In view of the approaching visit of the American delegation to Russia to express the deep friendship of the American people for the people of Russia and to discuss the best and most practical means of cooperation between the two peoples in carrying the present struggle for the freedom of all peoples to a successful consummation, it seems opportune and appropriate that I should state again, in the light of this new partnership, the objects the United States has had in mind in entering the war. Those objects have been very much beclouded during the past few weeks by mistaken and misleading statements, and the issues at stake are too momentous, too tremendous, too significant for the whole human race to permit any misinterpretations or misunderstandings, however slight, to remain uncorrected for a moment.

The war has begun to go against Germany, and in their desperate desire to escape the inevitable ultimate defeat those who are in authority in Germany are using every possible instrumentality, are making use even of the influence of groups and parties among their own subjects to whom they have never been just or fair or even tolerant, to promote

a propaganda on both sides of the sea which will preserve for them their influence at home and their power abroad, to the undoing of the very men they are using.

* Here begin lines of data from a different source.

Lemma xi_w_discriminant_factor : (1 <= k)%nat ->
  (xiH b a ^ 2 * (wH b a ^ (r - 2 * k) * (wH b a ^ 2 - 4 * xiH b a ^ 2) ^ (k - 1)))%C
  = (phase r b a * RtoC ((-1/4 * (-1) ^ (r - 2 * k)) * ((1 - tH a ^ 2) * tH a ^ (r - 2 * k))))%C.
Proof.
  intros Hk1.
  rewrite wH_sq_sub_xiH_sq, <- Cpow_mult_r, xiH_sq, wH_eq, Cpow_mult_l, <- RtoC_pow.
  replace (phase r b a) with (eiC (omegaH b a) ^ 2 * (eiC (omegaH b a) ^ (r - 2 * k)
    * eiC (omegaH b a) ^ (2 * (k - 1))))%C by (unfold phase; rewrite <- !Cpow_add_r; f_equal; lia).
  transitivity (eiC (omegaH b a) ^ 2 * (eiC (omegaH b a) ^ (r - 2 * k)
    * eiC (omegaH b a) ^ (2 * (k - 1)))
    * RtoC (- (muH a / 2) ^ 2 * (- tH a) ^ (r - 2 * k)))%C; [rewrite RtoC_mult; ring|].
  f_equal. f_equal. rewrite one_minus_tH_sq, (neg_pow (tH a)). field.
Qed.

End Factorizations.

Fixpoint Csum0 (f : nat -> C) (n : nat) : C :=
  match n with O => f O | S k => (Csum0 f k + f (S k))%C end.

Lemma Csum0_ext f g n : (forall j, (j <= n)%nat -> f j = g j) -> Csum0 f n = Csum0 g n.
Proof.
  induction n as [|n IH]; simpl; intros H; [apply H; lia|].
  rewrite IH by (intros; apply H; lia). rewrite H by lia. auto.
Qed.
Lemma card_sp (E : finType) : #|S E| = sp_count S #|E|.
Proof.
apply: (bij_eq_card (f := @sp_map S _ _ _ (enum_rank_bij E))).
by exists (@sp_map S _ _ _ (enum_val_bij E)); apply: sp_mapK;
  [exact: enum_rankK | exact: enum_valK].
Qed.

Lemma sp_count0 : sp_count S 0 = 1.
Proof. by rewrite /sp_count sp_empty ?card_ord. Qed.

End SpeciesCard.

Definition fiber_card (N X : finType) (f : N -> X) (y : X) : nat :=
  #|[pred i | f i == y]|.

Lemma card_count_codom (A : finType) (B : Type) (f : A -> B) (P : pred B) :
  #|[pred a | P (f a)]| = count P (codom f).
Proof. by rewrite codomE count_map cardE -size_filter enumT. Qed.

Lemma fiber_card_codom (A B : finType) (f : A -> B) y :
  fiber_card f y = count_mem y (codom f).
Proof. exact: card_count_codom f (pred1 y). Qed.

Lemma codom_finfun_of_tuple (T : Type) N (t : N.-tuple T) : codom (finfun_of_tuple t) = t.
Proof. by rewrite codomE (eq_map (ffunE _)) map_tnth_enum. Qed.

Lemma sum_fiber_card (N X : finType) (f : N -> X) : \sum_y fiber_card f y = #|N|.
Proof.
rewrite -sum1_card (partition_big f predT) //.
by apply: eq_bigr => y _; rewrite sum1_card.
Qed.

Lemma p_enrE (S : species) n x :
  p_enr S n x = \sum_(f : {ffun 'I_n -> 'I_x}) \prod_y sp_count S (fiber_card f y).
Proof.
rewrite /p_enr /enriched_fun card_tagged sumnE big_map big_enum /=.
apply: eq_bigr => f _; rewrite card_dep_ffun foldrE big_map big_enum /=.
by apply: eq_bigr => y _; rewrite card_sp /fiber card_sig.
Qed.

Section Multinomial.
Variable T : finType.

Lemma card_tuple_cons N (P : pred (N.+1.-tuple T)) :
  #|[pred t | P t]| = \sum_k #|[pred t : N.-tuple T | P [tuple of k :: t]]|.
Proof.
rewrite -sum1_card (reindex (fun p : T * N.-tuple T => [tuple of p.1 :: p.2])) /=.
  rewrite -(pair_big_dep predT (fun (k : T) (t : N.-tuple T) => P [tuple of k :: t])
                          (fun _ _ => 1)) /=.
  by apply: eq_bigr => k _; rewrite sum1_card.
exists (fun t => (thead t, [tuple of behead t])) => [[k t] _ | t _].
  by congr pair; apply: val_inj.
by apply: val_inj; rewrite /= [in RHS](tuple_eta t).
Qed.
Lemma compact_of_complete_totally_bounded (C : X -> Prop) : complete_metric d ->
  (forall l, (forall e, 0 < e -> exists z, C z /\ d z l < e) -> C l) ->
  (forall e, 0 < e -> exists L : list X, forall z, C z -> exists c, In c L /\ d c z < e) ->
  compact_set d C.
Proof.
  intros Hcomp Hclosed Htb I U HU Hcov. apply NNPP. intros HC.
  destruct (no_finite_subcover_nested_balls Htb HC) as [f Hf].
  assert (Hcauchy := half_pow_steps_bound f (fun k => proj2 (Hf k))).
  destruct (Hcomp f) as [l Hl].
  { intros e He. destruct (half_pow_small (e / 8)) as [N HN]; [lra|].
    exists N. intros m n Hmn Hnn. specialize (HN N (le_n N)).
    pose proof (Hcauchy N m Hmn). pose proof (Hcauchy N n Hnn).
    pose proof (metric_triangle (f m) (f N) (f n)) as Htri.
    rewrite (metric_sym (f m) (f N)) in Htri. lra. }
  assert (Hclose : forall e, 0 < e -> exists n, (1/2)^n < e /\ d (f n) l < e).
  { intros e He. destruct (half_pow_small e He) as [N1 H1]. destruct (Hl e He) as [N2 H2].
    exists (Nat.max N1 N2). split; [apply H1 | apply H2]; lia. }
  assert (Hl_in : C l).
  { apply Hclosed. intros e He. destruct (Hclose (e / 2)) as [n [Hn Hfn]]; [lra|].
    destruct (no_finite_subcover_nonempty (proj1 (Hf n))) as [z [Hz Hzf]].
    exists z. split; auto.
    pose proof (metric_triangle z (f n) l) as Htri. rewrite (metric_sym z (f n)) in Htri. lra. }
  (* the ball around [f n] lies in a single member of the cover, once it is small *)
  destruct (Hcov l Hl_in) as [i Hi]. destruct (HU i l Hi) as [r [Hr HUr]].
  destruct (Hclose (r / 2)) as [n [Hn Hfn]]; [lra|].
  apply (proj1 (Hf n)). exists (i :: nil). intros z [Hz Hzf]. exists i. split; [left; auto|].
  apply HUr. pose proof (metric_triangle l (f n) z) as Htri.
  rewrite (metric_sym l (f n)) in Htri. lra.
Qed.

Lemma compact_lsc_small_in_open (C W : X -> Prop) (f : X -> R) :
  compact_set d C -> metric_open d W -> (forall a, metric_open d (fun z => a < f z)) ->
  (forall z, C z -> ~ W z -> 0 < f z) ->
  exists delta, 0 < delta /\ forall z, C z -> f z < delta -> W z.
Proof.
  intros HC HW Hf Hpos.
  destruct (HC (option {a : R | 0 < a})
              (fun i z => match i with None => W z | Some a => proj1_sig a < f z end))
    as [s Hs].
  - intros [a|]; auto.
  - intros z Hz. destruct (classic (W z)) as [Hw|Hw]; [exists None; exact Hw|].
    assert (Hhalf : 0 < f z / 2) by (pose proof (Hpos z Hz Hw); lra).
    exists (Some (exist _ (f z / 2) Hhalf)). simpl. lra.
  - destruct (list_min_pos (fun i : option {a : R | 0 < a} =>
                              match i with None => 1 | Some a => proj1_sig a end) s)
      as [delta [Hdelta Hmin]].
    { intros [[a Ha]|] _; simpl; lra. }
    exists delta. split; auto. intros z Hz Hlt.
    destruct (Hs z Hz) as [[[a Ha]|] [Hin Hu]]; auto.
    specialize (Hmin _ Hin). simpl in *. lra.
Qed.

End Metric.

Section Geodesics.
Set Implicit Arguments.
Variables (X : Type) (d : X -> X -> R).

Lemma geod_seg_dist_start c a b L t :
  geod_seg d c a b L -> 0 <= t <= L -> d a (c t) = t.
Proof.
  intros (HL & Hc0 & _ & Hc) Ht. rewrite <- Hc0, Hc, Rabs_left1; lra.
Qed.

The position of America in this war is so clearly avowed that no man can be excused for mistaking it. She seeks no material profit or aggrandizement of any kind. She is fighting for no advantage or selfish object of her own, but for the liberation of peoples everywhere from the aggressions of autocratic force. The ruling classes in Germany have begun of late to profess a like liberality and justice of purpose, but only to preserve the power they have set up to Germany and the selfish advantages which they have wrongly gained for themselves and their private projects of power all the way from Berlin to Bagdad and beyond. Government after government has by their influence, without open conquest of its territory, been linked together in a net of intrigue directed against nothing less than the peace and liberty of the world. The meshes of that intrigue must be broken, but cannot be broken unless wrongs already done are undone ; and adequate measures must be taken to prevent it from ever again being rewoven or repaired.

Of course, the Imperial German Government and those whom it is using for their own undoing are seeking to obtain pledges that the war will end in the restoration of the status quo ante. It was the status quo ante out of which this iniquitous war issued forth, the power of the Imperial German Government within the Empire and its widespread domination and influence outside of that Empire. That status must be

altered in such fashion as to prevent any such hideous thing from ever happening again.

We are fighting for the liberty, the self-government, and the undictated development of all peoples, and every feature of the settlement that concludes this war must be conceived and executed for that purpose. Wrongs must first be righted, and then adequate safeguards must be created to prevent their being committed again. We ought not to consider remedies merely because they have a pleasing and sonorous sound. Practical questions can be settled only by practical means. Phrases will not accomplish the result. Effective readjustments will; and whatever readjustments are necessary must be made.

But they must follow a principle, and that principle is plain. No people must be forced under sovereignty under which it does not wish to live. No territory must change hands except for the purpose of securing those who inhabit it a fair chance of life and liberty. No indemnities must be insisted on except those that constitute payment for manifest wrongs done. No readjustments of power must be made except such as will tend to secure the future peace of the world and the future welfare and happiness of its peoples.1

And then the free peoples of the world must draw together in some common covenant, some genuine and practical coöperation that will in effect combine their force to secure peace and justice in the dealings of nations with one another. The brotherhood of mankind must no longer be a fair but empty phrase; it must be given a structure of force and reality.